University of Antwerp, Faculty of Medicine and Health Sciences, Laboratory of Physiopharmacology, Campus Drie Eiken, Universiteitsplein 1, B-2610, Antwerp, Belgium.
University of Antwerp, Faculty of Medicine and Health Sciences, Laboratory of Physiopharmacology, Campus Drie Eiken, Universiteitsplein 1, B-2610, Antwerp, Belgium; University of Antwerp, Research Group Cardiovascular Diseases, GENCOR, Antwerp, Belgium; Ghent University, Faculty of Medicine and Health Sciences, Department of Internal Medicine, C. Heymanslaan 10, B-9000, Ghent, Belgium; Antwerp University Hospital (UZA), Department of Cardiology, Drie Eikenstraat 655, B-2650, Edegem, Belgium.

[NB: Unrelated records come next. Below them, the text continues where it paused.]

(* Let $S$ be a finite set, let $\mathcal{G}\subseteq 2^S$ be connected, and let $\mathcal{C}_1,\mathcal{C}_2\subseteq\mathcal{G}$. Then $\chi(\mathcal{C}_1)=\chi(\mathcal{C}_2)$ if and only if $\mathcal{C}_1\simeq_{\mathrm{ap}(\mathcal{G})}\mathcal{C}_2$.
   Context: An adjacent pair of $2^S$ is a set $\{X,X\setminus\{x\}\}$ with $X\subseteq S$ and $x\in X$. Let $G_S$ be the undirected graph with vertex set $2^S$ whose edges are the adjacent pairs; $\mathcal{G}\subseteq 2^S$ is connected if it induces a connected subgraph of $G_S$. The allowed adjacent pairs relative to $\mathcal{G}$ are $\mathrm{ap}(\mathcal{G})=\{\mathcal{P}\mid\mathcal{P}\text{ an adjacent pair of }2^S,\ \mathcal{P}\subseteq\mathcal{G}\}$. For a set $A$ of adjacent pairs and configurations $\mathcal{C},\mathcal{C}'\subseteq 2^S$, write $\mathcal{C}\to\mathcal{C}'$ if there is $\mathcal{P}\in A$ with $\mathcal{P}\cap\mathcal{C}=\emptyset$ and $\mathcal{C}'=\mathcal{C}\cup\mathcal{P}$, or with $\mathcal{P}\subseteq\mathcal{C}$ and $\mathcal{C}'=\mathcal{C}\setminus\mathcal{P}$; $\simeq_A$ is the reflexive transitive closure of this (symmetric) relation. For a family $\mathcal{D}$ of finite sets, $\chi(\mathcal{D})=\sum_{Y\in\mathcal{D}}(-1)^{|Y|}$. *)

From mathcomp Require Import all_boot all_order all_algebra.
From Stdlib Require Import Relations.
Set Implicit Arguments. Unset Strict Implicit. Unset Printing Implicit Defensive.
Import GRing.Theory Num.Theory.

(* The finite ground set S is the finType T; 2^S is {set T};
   families of subsets (configurations) are {set {set T}}. *)

Definition GS_edge (T : finType) : rel {set T} :=
  fun X Y => [exists x, (x \in X) && (Y == X :\ x)]
          || [exists x, (x \in Y) && (X == Y :\ x)].

Definition induced_edge (T : finType) (G : {set {set T}}) : rel {set T} :=
  fun X Y => [&& X \in G, Y \in G & GS_edge X Y].

Definition connected_family (T : finType) (G : {set {set T}}) : Prop :=
  forall X Y, X \in G -> Y \in G -> connect (induced_edge G) X Y.

Definition ap (T : finType) (G : {set {set T}}) : {set {set {set T}}} :=
  [set P | [exists X : {set T}, exists x : T,
              (x \in X) && (P == [set X; X :\ x])] & P \subset G].

Definition move (T : finType) (A : {set {set {set T}}})
    (C C' : {set {set T}}) : Prop :=
  exists2 P, P \in A &
    ((P :&: C = set0 /\ C' = C :|: P) \/ (P \subset C /\ C' = C :\: P)).

Definition equivA (T : finType) (A : {set {set {set T}}}) :
    relation {set {set T}} :=
  clos_refl_trans _ (move A).

Definition chi (T : finType) (D : {set {set T}}) : int :=
  (\sum_(Y in D) (-1) ^+ #|Y|)%R.

From mathcomp Require Import all_boot all_order all_algebra.
From Stdlib Require Import Relations.
Set Implicit Arguments. Unset Strict Implicit. Unset Printing Implicit Defensive.
Import GRing.Theory Num.Theory.

(* Toggling a vertex X in a configuration C changes chi by (-1)^t, where
   t = [X \in C] xor odd |X|.  Across an adjacent pair the parity of |X|
   flips, so a pair is a legal move exactly when its two signs t differ, i.e.
   exactly when toggling it preserves chi.  By induction along a path in G,
   any two vertices Y, Z of G with different signs can be toggled together by
   legal moves: toggle the first edge of the path either before or after the
   rest, depending on the sign of its far end.  Conversely, if chi C1 = chi C2
   the signs of C1 over the symmetric difference of C1 and C2 sum to zero, so
   two of them differ; toggling those two shrinks the symmetric difference. *)

Local Open Scope ring_scope.

Section SymmetricDifference.
Variable I : finType.
Implicit Types A B D : {set I}.

Definition symdiff A B : {set I} := (A :\: B) :|: (B :\: A).

Lemma in_symdiff A B x : (x \in symdiff A B) = (x \in A) (+) (x \in B).
Proof. by rewrite !inE; case: (x \in A); case: (x \in B). Qed.

Lemma symdiffA A B D : symdiff A (symdiff B D) = symdiff (symdiff A B) D.
Proof. by apply/setP=> x; rewrite !in_symdiff addbA. Qed.

Lemma symdiffC A B : symdiff A B = symdiff B A.
Proof. by apply/setP=> x; rewrite !in_symdiff addbC. Qed.

Lemma symdiffK A B : symdiff A (symdiff A B) = B.
Proof. by apply/setP=> x; rewrite !in_symdiff addKb. Qed.

Lemma symdiffs0 A : symdiff A set0 = A.
Proof. by apply/setP=> x; rewrite in_symdiff inE addbF. Qed.

Lemma symdiff_disjoint A B : B :&: A = set0 -> symdiff A B = A :|: B.
Proof.
move=> /setP dis; apply/setP=> x; have := dis x.
by rewrite in_symdiff !inE; case: (x \in A); case: (x \in B).
Qed.

Lemma symdiff_sub A B : B \subset A -> symdiff A B = A :\: B.
Proof.
move=> /subsetP sBA; apply/setP=> x; have := sBA x.
by rewrite in_symdiff !inE; case: (x \in A); case: (x \in B) => // ->.
Qed.

Lemma symdiff_setD A B : B \subset A -> symdiff B (A :\: B) = A.
Proof.
move=> /subsetP sBA; apply/setP=> x; have := sBA x.
by rewrite in_symdiff !inE; case: (x \in A); case: (x \in B) => // ->.
Qed.

Lemma symdiff_subU A B D : A \subset D -> B \subset D -> symdiff A B \subset D.
Proof. by move=> sAD sBD; rewrite subUset !(subset_trans (subsetDl _ _)). Qed.

Lemma symdiff_set2 x y z : x != y -> y != z -> x != z ->
  symdiff [set x; y] [set y; z] = [set x; z].
Proof.
move=> nxy nyz nxz; apply/setP=> u; rewrite in_symdiff !inE.
case: (eqVneq u y) => [->|_]; first by rewrite eq_sym (negbTE nxy) (negbTE nyz).
by case: (eqVneq u x) => [->|] //=; rewrite (negbTE nxz).
Qed.

End SymmetricDifference.

Lemma sum_set2 (R : nmodType) (I : finType) (x y : I) (F : I -> R) :
  x != y -> \sum_(i in [set x; y]) F i = F x + F y.
Proof. by move=> nxy; rewrite big_setU1 ?inE // big_set1. Qed.

Lemma add_signr_neq (R : pzRingType) (b c : bool) :
  b != c -> (-1) ^+ b + (-1) ^+ c = 0 :> R.
Proof. by case: b; case: c => //= _; rewrite ?expr0 ?expr1 ?addrN ?addNr. Qed.

Lemma sum_signr_eq0_neq (R : numDomainType) (I : finType) (D : {set I})
    (f : I -> bool) :
  D != set0 -> \sum_(i in D) (-1) ^+ f i = 0 :> R ->
  exists2 i, i \in D & exists2 j, j \in D & f i != f j.
Proof.
case/set0Pn=> i iD sum0; exists i => //.
have [j /andP[jD fij] | same] := pickP [pred j | (j \in D) && (f i != f j)].
  by exists j.
have sumE : \sum_(j in D) (-1) ^+ f j = (-1) ^+ f i *+ #|D| :> R.
  rewrite -sumr_const; apply: eq_bigr => j jD.
  by have := same j; rewrite /= jD => /negbFE/eqP->.
move/eqP: sum0; rewrite sumE mulrn_eq0 signr_eq0 orbF cards_eq0.
by move/eqP=> D0; rewrite D0 inE in iD.
Qed.

Section Moves.
Variable T : finType.
Implicit Types (G C D P : {set {set T}}) (U V X Y Z W : {set T}).

Definition toggle_sign C X : bool := (X \in C) (+) odd #|X|.

Lemma toggle_sign_symdiff C D X :
  toggle_sign (symdiff C D) X = toggle_sign C X (+) (X \in D).
Proof. by rewrite /toggle_sign in_symdiff addbAC. Qed.

Lemma chi_symdiff C D :
  chi (symdiff C D) = chi C + \sum_(X in D) (-1) ^+ toggle_sign C X.
Proof.
rewrite /chi big_mkcond [X in _ = X + _]big_mkcond [X in _ = _ + X]big_mkcond.
rewrite -big_split /=; apply: eq_bigr => X _.
rewrite in_symdiff /toggle_sign signr_addb signr_odd.
by case: (X \in C); case: (X \in D); rewrite /= ?expr0 ?expr1 ?mulN1r ?mul1r
  ?addr0 ?add0r ?addrN.
Qed.

Lemma GS_edge_odd U V : GS_edge U V -> odd #|V| = ~~ odd #|U|.
Proof.
case/orP=> /existsP[x /andP[xW /eqP->]].
  by rewrite (cardsD1 x U) xW add1n /= negbK.
by rewrite (cardsD1 x V) xW add1n.
Qed.

Lemma GS_edge_neq U V : GS_edge U V -> U != V.
Proof.
move/GS_edge_odd=> oddUV; apply/eqP=> eUV.
by move: oddUV; rewrite eUV; case: (odd _).
Qed.

Lemma toggle_sign_edge C U V : GS_edge U V ->
  (toggle_sign C U != toggle_sign C V) = ((U \in C) == (V \in C)).
Proof.
rewrite /toggle_sign => /GS_edge_odd->.
by case: (U \in C); case: (V \in C); case: (odd _).
Qed.

Lemma apP G P : P \in ap G -> exists U V, P = [set U; V] /\ GS_edge U V.
Proof.
rewrite inE => /andP[/existsP[X /existsP[x /andP[xX /eqP->]]] _].
exists X, (X :\ x); split => //; apply/orP; left.
by apply/existsP; exists x; rewrite xX eqxx.
Qed.

Lemma ap_induced_edge G U V : induced_edge G U V -> [set U; V] \in ap G.
Proof.
case/and3P=> UG VG e; rewrite inE; apply/andP; split; last first.
  by apply/subsetP=> X; rewrite !inE => /orP[]/eqP->.
case/orP: e => /existsP[x /andP[xX /eqP->]]; apply/existsP.
  by exists U; apply/existsP; exists x; rewrite xX eqxx.
by exists V; apply/existsP; exists x; rewrite xX setUC eqxx.
Qed.

Lemma move_symdiff G C C' : move (ap G) C C' ->
  exists U V, [/\ GS_edge U V, toggle_sign C U != toggle_sign C V &
                  C' = symdiff C [set U; V]].
Proof.
case=> P /apP[U [V [-> eUV]]] hC'; exists U, V; split=> //.
  rewrite toggle_sign_edge //.
  case: hC' => [[/setP dis _] | [/subsetP sub _]].
    by have := dis U; have := dis V; rewrite !inE !eqxx orbT /= => <- <-.
  by rewrite !sub ?inE ?eqxx ?orbT.
by case: hC' => [[/symdiff_disjoint-> ->] | [/symdiff_sub-> ->]].
Qed.

Lemma move_chi G C C' : move (ap G) C C' -> chi C = chi C'.
Proof.
case/move_symdiff=> U [V [eUV tUV ->]].
by rewrite chi_symdiff sum_set2 ?GS_edge_neq // add_signr_neq // addr0.
Qed.

Lemma equivA_chi G C C' : equivA (ap G) C C' -> chi C = chi C'.
Proof. by elim=> [? ? /move_chi | // | ? ? ? _ -> _ ->]. Qed.

Lemma move_edge G C U V : induced_edge G U V ->
  toggle_sign C U != toggle_sign C V -> move (ap G) C (symdiff C [set U; V]).
Proof.
move=> eUV; have /and3P[_ _ /toggle_sign_edge->] := eUV; move=> /eqP sameUV.
exists [set U; V]; first exact: ap_induced_edge.
case: (boolP (U \in C)) => UC; [right | left].
  suff sub : [set U; V] \subset C by rewrite symdiff_sub.
  by apply/subsetP=> X; rewrite !inE => /orP[]/eqP->; rewrite -?sameUV.
suff dis : [set U; V] :&: C = set0 by rewrite symdiff_disjoint.
apply/setP=> X; rewrite !inE.
have [->|_] := eqVneq X U; first by rewrite (negbTE UC) andbF.
by have [->|_] := eqVneq X V; rewrite -?sameUV ?(negbTE UC) ?andbF.
Qed.

Lemma equivA_path G C Y p : path (induced_edge G) Y p ->
  toggle_sign C Y != toggle_sign C (last Y p) ->
  equivA (ap G) C (symdiff C [set Y; last Y p]).
Proof.
elim: p Y C => [|W p IH] Y C /=; first by rewrite eqxx.
case/andP=> eYW pW; set Z := last W p => tYZ.
have nYW : Y != W by case/and3P: eYW => _ _ /GS_edge_neq.
have nYZ : Y != Z by apply: contraNneq tYZ => ->.
case: (eqVneq (toggle_sign C Y) (toggle_sign C W)) => [tYW | tYW].
  have tWZ : toggle_sign C W != toggle_sign C Z by rewrite -tYW.
  have nWZ : W != Z by apply: contraNneq tWZ => ->.
  apply: rt_trans (IH W C pW tWZ) _.
  rewrite -(symdiff_set2 nYW nWZ nYZ) [symdiff [set Y; W] _]symdiffC symdiffA.
  apply/rt_step/(move_edge eYW).
  by rewrite !toggle_sign_symdiff !inE eqxx (negbTE nYW) (negbTE nYZ) tYW;
    case: (toggle_sign C W).
apply: (rt_trans _ _ _ (symdiff C [set Y; W])); first exact/rt_step/move_edge.
have [eWZ | nWZ] := eqVneq W Z; first by rewrite -eWZ; apply: rt_refl.
rewrite -(symdiff_set2 nYW nWZ nYZ) symdiffA; apply: IH => //.
rewrite !toggle_sign_symdiff !inE eqxx orbT ![Z == _]eq_sym.
rewrite (negbTE nYZ) (negbTE nWZ) /=; move: tYW tYZ.
by case: (toggle_sign C Y); case: (toggle_sign C W); case: (toggle_sign C Z).
Qed.

Lemma equivA_connected G C Y Z : connected_family G -> Y \in G -> Z \in G ->
  toggle_sign C Y != toggle_sign C Z -> equivA (ap G) C (symdiff C [set Y; Z]).
Proof.
move=> cG YG ZG; have /connectP[p pY ->] := cG Y Z YG ZG.
exact: equivA_path.
Qed.

Lemma equivA_symdiff G C D : connected_family G -> D \subset G ->
  \sum_(X in D) (-1) ^+ toggle_sign C X = 0 :> int ->
  equivA (ap G) C (symdiff C D).
Proof.
move=> cG; elim: {D}_.+1 {-2}D (ltnSn #|D|) C => // n IH D.
rewrite ltnS => leDn C DG sum0.
have [-> | nD0] := eqVneq D set0; first by rewrite symdiffs0; apply: rt_refl.
have [Y YD [Z ZD tYZ]] := sum_signr_eq0_neq nD0 sum0.
have nYZ : Y != Z by apply: contraNneq tYZ => ->.
have PD : [set Y; Z] \subset D by apply/subsetP=> X; rewrite !inE => /orP[]/eqP->.
apply: rt_trans (equivA_connected cG (subsetP DG Y YD) (subsetP DG Z ZD) tYZ) _.
rewrite -(symdiff_setD PD) symdiffA; apply: IH.
- apply: leq_trans leDn; apply: proper_card; apply/properP; split.
    exact: subsetDl.
  by exists Y; rewrite // !inE eqxx.
- exact: subset_trans (subsetDl _ _) DG.
- move: sum0; rewrite (big_setID [set Y; Z]) /= (setIidPr PD) sum_set2 //.
  rewrite add_signr_neq // add0r => <-; apply: eq_bigr => X.
  by rewrite inE toggle_sign_symdiff => /andP[/negbTE-> _]; rewrite addbF.
Qed.

End Moves.

Theorem proposition6p7 (T : finType) (G C1 C2 : {set {set T}}) :
  connected_family G -> C1 \subset G -> C2 \subset G ->
  (chi C1 = chi C2 <-> equivA (ap G) C1 C2).
Proof.
move=> cG C1G C2G; split; last exact: equivA_chi.
move=> chi12; rewrite -[C2](symdiffK C1).
apply: equivA_symdiff cG (symdiff_subU C1G C2G) _.
by apply: (addrI (chi C1)); rewrite addr0 -chi_symdiff symdiffK.
Qed.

Toxicol Lett. 2021 Aug 1;346:23-33. doi: 10.1016/j.toxlet.2021.04.015. Epub 2021 Apr 22.
Arterial stiffness is an important predictor of cardiovascular risk. Clinical studies have demonstrated that arterial stiffness increases in cancer patients treated with the chemotherapeutic doxorubicin (DOX). However, the mechanisms of DOX-induced arterial stiffness remain largely unknown. This study aimed to evaluate artery stiffening in DOX-treated mice using in vivo and ex vivo techniques. Male C57BL/6J mice were treated for 2 weeks with 2 mg/kg (low dose) or 4 mg/kg (high dose) of DOX weekly. Arterial stiffness was assessed in vivo with ultrasound imaging (abdominal aorta pulse wave velocity (aaPWV)) and applanation tonometry (carotid-femoral PWV) combined with ex vivo vascular stiffness and reactivity evaluation. The high dose increased aaPWV, while cfPWV did not reach statistical significance. Phenylephrine (PE)-contracted aortic segments showed a higher Peterson's modulus (Ep) in the high dose group, while Ep did not differ when vascular smooth muscle cells (VSMCs) were relaxed by a NO donor (DEANO). In addition, aortic rings of DOX-treated mice showed increased PE contraction, decreased basal nitric oxide (NO) index and impaired acetylcholine-induced endothelium-dependent relaxation. DOX treatment contributed to endothelial cell loss and reduced endothelial nitric oxide synthase (eNOS) expression in the aorta. In conclusion, we have replicated DOX-induced arterial stiffness in a murine model and this aortic stiffness is driven by impaired endothelial function, contributing to increased vascular tone.
动脉僵硬度是心血管风险的一个重要预测指标。临床研究表明,接受化疗药物阿霉素(DOX)治疗的癌症患者的动脉僵硬度增加。然而,DOX 诱导的动脉僵硬度的机制在很大程度上仍然未知。本研究旨在使用体内和离体技术评估 DOX 处理的小鼠的动脉僵硬度。雄性 C57BL/6J 小鼠每周用 2 毫克/千克(低剂量)或 4 毫克/千克(高剂量)的 DOX 处理 2 周。通过超声成像(腹主动脉脉搏波速度(aaPWV))和平板测压法(颈动脉-股动脉 PWV)结合离体血管僵硬度和反应性评估来评估动脉僵硬度。高剂量组增加了 aaPWV,而 cfPWV 没有达到统计学意义。在高剂量组中,苯肾上腺素(PE)收缩的主动脉段显示出更高的彼得森模量(Ep),而当血管平滑肌细胞(VSMCs)被一氧化氮供体(DEANO)松弛时,Ep 没有差异。此外,DOX 处理的小鼠的主动脉环显示出增强的 PE 收缩、降低的基础一氧化氮(NO)指数和受损的乙酰胆碱诱导的内皮依赖性舒张。DOX 处理导致内皮细胞丢失和主动脉内皮型一氧化氮合酶(eNOS)表达减少。总之,我们在小鼠模型中复制了 DOX 诱导的动脉僵硬度,这种主动脉僵硬度是由受损的内皮功能驱动的,导致血管张力增加。